In our example applications we have illustrated the choices made during elicitation using the type of empirical data available at the time of analysis. Both contexts considered relate to scenarios where extensive data already exists but has not being fully utilised to understand the degree of uncertainty associated with the quantities of interest relevant to engineering development and operational decision-making. There are potentially interesting challenges affecting data selection and sentencing with more extensive or unstructured data that might be available in future. For example, in a reliability context many engineering systems are fitted with many sensors implying more empirical data is available for covariates (Meeker and Hong 2014) that may relate to the reference factors that define the population characteristics. Such explanatory data from sensors and other automated data collection might be used to support more effective and/or efficient formation of comparator pools.

Since we have proposed and illustrated how to construct a ‘subjective’ probability distribution using data, we conclude by emphasising the importance of engaging an expert in key steps. The nature of our approach also requires us to examine the roles of both the subject domain experts and the analytical experts because both make choices that impact the prior probability distribution obtained. The analyst makes choices in our methodology, as indeed in any elicitation process, in relation to issues such as who are experts, how should they be engaged and how should their judgements be credibly expressed. However we also require the analyst to be actively engaged in data preparation, probability model and inference method selection. Most importantly, where possible, we are not asking an expert to express his or her uncertainty about some event of interest as a subjective probability.
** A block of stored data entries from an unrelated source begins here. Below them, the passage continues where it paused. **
Lemma Fa_point_Delta_point (x : X) : Fa_point x -> Delta_point x.
Proof.
  intros Hx z eps Heps N.
  assert (Hball_ne : forall i, exists w, d (z i) w < eps)
    by (intro i; apply (ball_nonempty X d Hd _ _ Heps)).
  destruct (finite_choice 0%nat r (fun i m => d (z i) (Nat.iter m f x) < eps))
    as [m Hm].
  { intros i Hi. exact (Fa_point_hits x i _ Hx Hi (ball_open X d Hd _ _) (Hball_ne i)). }
  destruct (finite_upper_bound r m) as [c Hc].
  pose (W := fun w => forall i, (i < r)%nat -> d (z i) (Nat.iter (m i) f w) < eps).
  assert (HW : is_open d W).
  { apply open_finite_inter. intros i Hi.
    apply (open_preimage X d _ (fun v => d (z i) v < eps));
      [apply iter_continuous; exact Hf | apply ball_open; exact Hd]. }
  pose (C := (c + N)%nat).
  destruct (Hx W HW (ex_intro _ x Hm) (fun i => a i * C - m i)%nat) as [k [Hk Hret]].
  exists (k + C)%nat. split; [unfold C; lia|].
  intros i Hi. destruct (Hret i Hi) as [_ HWi].
  specialize (HWi i Hi). rewrite <- iter_add in HWi. rewrite (dist_sym X d Hd).
  rewrite (iter_eq f _ (m i + (k * a i + (a i * C - m i)))); [exact HWi|].
  specialize (Ha_pos i Hi). specialize (Hc i Hi). unfold C. nia.
Qed.

(* F[a]-transitive points are invariant under f: the family F[a] is stable
   under shifting its members back by t. *)
Lemma Fa_point_iterate (x : X) (t : nat) : Fa_point x -> Fa_point (Nat.iter t f x).
Proof.
  intros Hx U HU Hne n.
  destruct (Hx U HU Hne (fun i => n i + t)%nat) as [k [Hk Hret]].
  exists k. split; [exact Hk|]. intros i Hi. destruct (Hret i Hi) as [_ HU'].
  split.
  - specialize (Ha_pos i Hi). nia.
  - rewrite <- iter_add. rewrite (iter_eq f _ (k * a i + (n i + t))) by lia. exact HU'.
Qed.

Lemma Fa_points_dense (x : X) : Fa_point x -> is_dense d Fa_point.
Proof.
  intros Hx V HV Hne. destruct (Compare_dec.zerop r) as [Hr|Hr].
  - (* for r = 0 the family F[0] contains every set *)
    destruct Hne as [v Vv]. exists v. split; [exact Vv|].
    intros U _ _ n. exists 1%nat. split; [lia | intros; lia].
  - destruct (Fa_point_hits x 0 V Hx Hr HV Hne) as [t Ht].
    exists (Nat.iter t f x). split; [exact Ht | apply Fa_point_iterate; exact Hx].
Qed.

(* Given a countable family of balls B_b = B(C b, rho b), the points whose
   orbit returns to B_b at the times k a_i + n_i, for the offsets n encoded
   by p, where q encodes (b, p). *)
Definition return_set (C : nat -> X) (rho : nat -> R) (q : nat) (y : X) : Prop :=
  exists k, (1 <= k)%nat /\ forall i, (i < r)%nat ->
    d (C (fst (of_nat q)))
      (Nat.iter (k * a i + decode_tuple r (snd (of_nat q)) i) f y)
    < rho (fst (of_nat q)).

Lemma return_set_open (C : nat -> X) (rho : nat -> R) (q : nat) :
  is_open d (return_set C rho q).
Proof.
  intros y [k [Hk Hy]].
  set (b := fst (of_nat q)) in *. set (p := snd (of_nat q)) in *.
  destruct (open_finite_inter X d r
    (fun i w => d (C b) (Nat.iter (k * a i + decode_tuple r p i) f w) < rho b))
    with (x := y) as [e [He Hball]].
  - intros i Hi. apply (open_preimage X d _ (fun v => d (C b) v < rho b));
      [apply iter_continuous; exact Hf | apply ball_open; exact Hd].
  - exact Hy.
  - exists e. split; [exact He|]. intros w Hw. exists k. split; auto.
Qed.

Lemma Fa_point_in_return_set (C : nat -> X) (rho : nat -> R) (q : nat) (y : X) :
  (forall b, 0 < rho b) -> Fa_point y -> return_set C rho q y.
Proof.
  intros Hrho Hy.
  destruct (Hy _ (ball_open X d Hd (C (fst (of_nat q))) (rho (fst (of_nat q))))
              (ball_nonempty X d Hd _ _ (Hrho _)) (decode_tuple r (snd (of_nat q))))
    as [k [Hk Hret]].
  exists k. split; [exact Hk|]. intros i Hi. apply (Hret i Hi).
Qed.

Lemma return_sets_Fa_point (C : nat -> X) (rho : nat -> R) (y : X) :
  (forall U w, is_open d U -> U w -> exists b, forall v, d (C b) v < rho b -> U v) ->
  (forall q, return_set C rho q y) -> Fa_point y.
Proof.
  intros Hbase Hy U HU [u Uu] n.
  destruct (Hbase U u HU Uu) as [b Hb].
  destruct (decode_tuple_surj r n) as [p Hp].
  destruct (Hy (to_nat (b, p))) as [k [Hk Hret]].
  rewrite cancel_of_to in Hret. simpl in Hret.
  exists k. split; [exact Hk|]. intros i Hi. split.
  - specialize (Ha_pos i Hi). nia.
  - rewrite <- (Hp i Hi). apply Hb. apply Hret; exact Hi.
Qed.

Lemma Fa_points_residual (x0 : X) (Hc : is_compact d) :
  F_point_transitive d f (Fa r a) -> is_residual d Fa_point.
Proof.
  intros [x Hx].
  destruct (countable_ball_base X d Hd Hc x0) as [C [rho [Hrho Hbase]]].
  exists (return_set C rho). split; [|split].
  - apply return_set_open.
  - intros q V HV Hne.
    destruct (Fa_points_dense x Hx V HV Hne) as [y [Vy Ty]].
    exists y. split; [exact Vy | apply Fa_point_in_return_set; assumption].
  - intros y Hy. apply (return_sets_Fa_point C rho); assumption.
Qed.

End Dynamics.

Theorem theorem5p6 (X : Type) (d : X -> X -> R) (x0 : X)
  (Hd : is_metric d) (Hc : is_compact d)
  (f : X -> X) (Hf : is_continuous d f)
  (r : nat) (a : nat -> nat) (Ha : in_Nr_star r a) :
  (Delta_a_transitive d f r a <-> F_point_transitive d f (Fa r a)) /\
  (F_point_transitive d f (Fa r a) <->
     is_residual d (is_F_transitive_point d f (Fa r a))).
Proof.
  destruct Ha as [Ha_pos _].
  split; split.
  - intros [x Hx]. exists x. exact (Delta_point_Fa_point X d f r a Hd Hf Ha_pos x Hx).
  - intros [x Hx]. exists x. exact (Fa_point_Delta_point X d f r a Hd Hf Ha_pos x Hx).
  - exact (Fa_points_residual X d f r a Hd Hf Ha_pos x0 Hc).
  - intros [G [Hopen [Hdense Hsub]]].
    destruct (baire_compact X d Hd Hc x0 G Hopen Hdense) as [x Hx].
    exists x. apply Hsub. exact Hx.
Qed.
Lemma moment_comb_theta w : moment_comb w ->
  exists tw, moment_comb tw /\ forall n, is_theta_derive (w n) (tw n).
Proof.
  induction 1 as [m Hm | w1 w2 _ [tw1 [H1 D1]] _ [tw2 [H2 D2]]
                  | r w Hr Hw [tw [Htw Dw]]].
  - exists (fun n x => INR m * scaled_moment n m x + -2 * scaled_moment n (S m) x).
    split.
    + apply moment_comb_plus; apply moment_comb_mult; try apply lorentz_poly_const.
      * now apply moment_comb_scaled.
      * apply moment_comb_scaled. lia.
    + intros n. apply (is_theta_derive_eq _ _ _ (scaled_moment_theta n m)).
      intros x _. cbv beta. ring.
  - exists (fun n x => tw1 n x + tw2 n x). split.
    + now apply moment_comb_plus.
    + intros n. now apply is_theta_derive_plus.
  - destruct (lorentz_poly_theta r Hr) as [tr [Htr Dr]].
    exists (fun n x => tr x * w n x + r x * tw n x). split.
    + now apply moment_comb_plus; apply moment_comb_mult.
    + intros n. now apply is_theta_derive_mult.
Qed.

Lemma moment_comb_theta_smooth w n : moment_comb w -> theta_smooth (w n).
Proof.
  intros Hw. destruct (moment_comb_theta w Hw) as [tw [Htw Dw]].
  destruct (moment_comb_theta tw Htw) as [ttw [_ Dtw]].
  now exists (tw n), (ttw n).
Qed.

(** * The operator of the recursion for Psi *)

Definition Lpsi (f : R -> R) (x : R) : R :=
  x ^ 2 / (4 * (1 + x ^ 2)) * (Derive_n f 2 x + / x * Derive f x).

(* x^2 (f'' + f'/x) = theta (theta f) *)
Lemma Lpsi_theta2 f f1 f2 : is_theta_derive f f1 -> is_theta_derive f1 f2 ->
  forall x, 0 < x -> Lpsi f x = lorentzian x * f2 x / 4.
Proof.
  intros H1 H2 x Hx. unfold Lpsi. change (Derive_n f 2 x) with (Derive (Derive f) x).
  assert (D : is_derive (Derive f) x (f2 x / x * / x + f1 x * (- / x ^ 2))).
  { apply (is_derive_ext_loc (fun z => f1 z * / z)).
    - apply filter_imp with (2 := locally_pos x Hx). intros z Hz.
      symmetry. now apply is_derive_unique, H1.
    - apply (Derive.is_derive_mult f1 (fun z => / z)); [now apply H2|].
      auto_derive; [lra | field; lra]. }
  rewrite (is_derive_unique _ _ _ D), (is_derive_unique f x _ (H1 x Hx)).
  unfold lorentzian. pose proof (one_plus_sqr_pos x). field. lra.
Qed.

Lemma Lpsi_ext f h : (forall z, 0 < z -> f z = h z) ->
  forall x, 0 < x -> Lpsi f x = Lpsi h x.
Proof.
  intros E x Hx. unfold Lpsi.
  rewrite (Derive_n_ext_loc f h 2 x), (Derive_ext_loc f h x); [reflexivity | ..];
    apply filter_imp with (2 := locally_pos x Hx); exact E.
Qed.

Lemma Lpsi_plus_scal f h c : theta_smooth f -> theta_smooth h ->
  forall x, 0 < x -> Lpsi (fun z => f z + c * h z) x = Lpsi f x + c * Lpsi h x.
Proof.
  intros [f1 [f2 [Hf1 Hf2]]] [h1 [h2 [Hh1 Hh2]]] x Hx.
  rewrite (Lpsi_theta2 f f1 f2), (Lpsi_theta2 h h1 h2),
    (Lpsi_theta2 _ (fun z => f1 z + c * h1 z) (fun z => f2 z + c * h2 z));
    auto using is_theta_derive_plus, is_theta_derive_scal.
  field.
Qed.
(* Let $\alpha,\mu,\gamma>0$ and consider on the simplex $\Sigma=\{(L,R)\in\mathbb{R}^2: L\ge 0,\ R\ge 0,\ L+R\le 1\}$ the system \[ \dot L=\alpha L C-\mu L+\gamma R C,\qquad \dot R=\alpha R C-\mu R+\gamma L C,\qquad C=1-L-R. \] Set $\beta=\alpha+\gamma$. Then: (1) If $\beta\le\mu$, the equilibrium $E_0=(0,0)$ is globally asymptotically stable on $\Sigma$; in particular $L(t),R(t)\to 0$ and $C(t)\to 1$ for every solution starting in $\Sigma$. (2) If $\beta>\mu$, the point $E_1=(P^*,P^* )$ with $P^*=\tfrac12(1-\mu/\beta)$ (so that $C^*=1-2P^*=\mu/\beta$) is the unique interior equilibrium, it is globally asymptotically stable on $\Sigma\setminus\{E_0\}$, and $E_0$ is unstable. *)

From Stdlib Require Import Reals Lra.
From Coquelicot Require Import Coquelicot.
Open Scope R_scope.

Definition Cfree (x y : R) : R := 1 - x - y.
Definition fL (al mu ga x y : R) : R :=
  al * x * Cfree x y - mu * x + ga * y * Cfree x y.
Definition fR (al mu ga x y : R) : R :=
  al * y * Cfree x y - mu * y + ga * x * Cfree x y.

Definition in_simplex (x y : R) : Prop := 0 <= x /\ 0 <= y /\ x + y <= 1.
Definition in_interior (x y : R) : Prop := 0 < x /\ 0 < y /\ x + y < 1.

Definition is_solution (al mu ga : R) (Lf Rf : R -> R) : Prop :=
  (forall t, 0 < t ->
     is_derive Lf t (fL al mu ga (Lf t) (Rf t)) /\
     is_derive Rf t (fR al mu ga (Lf t) (Rf t))) /\
  filterlim Lf (at_right 0) (locally (Lf 0)) /\
  filterlim Rf (at_right 0) (locally (Rf 0)).

Definition dist2 (x1 y1 x2 y2 : R) : R := sqrt ((x1 - x2) ^ 2 + (y1 - y2) ^ 2).

Definition equilibrium (al mu ga e1 e2 : R) : Prop :=
  fL al mu ga e1 e2 = 0 /\ fR al mu ga e1 e2 = 0.

Definition stable_on (al mu ga : R) (S : R -> R -> Prop) (e1 e2 : R) : Prop :=
  forall eps, 0 < eps -> exists delta, 0 < delta /\
    forall Lf Rf, is_solution al mu ga Lf Rf -> S (Lf 0) (Rf 0) ->
      dist2 (Lf 0) (Rf 0) e1 e2 < delta ->
      forall t, 0 <= t -> dist2 (Lf t) (Rf t) e1 e2 < eps.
Rather we advocate using the subject domain expertise to structure the characteristics of the population DGP for the quantity of interest and to be involved at the key stages of matching candidate data sets, sentencing records and assessing the credibility of probability distributions, both in terms of any underlying assumptions and the resulting profile of uncertainty. Our goal is to construct empirically a probability distribution that is consistent with the subjective assessment of uncertainty about a relevant quantity by the expert.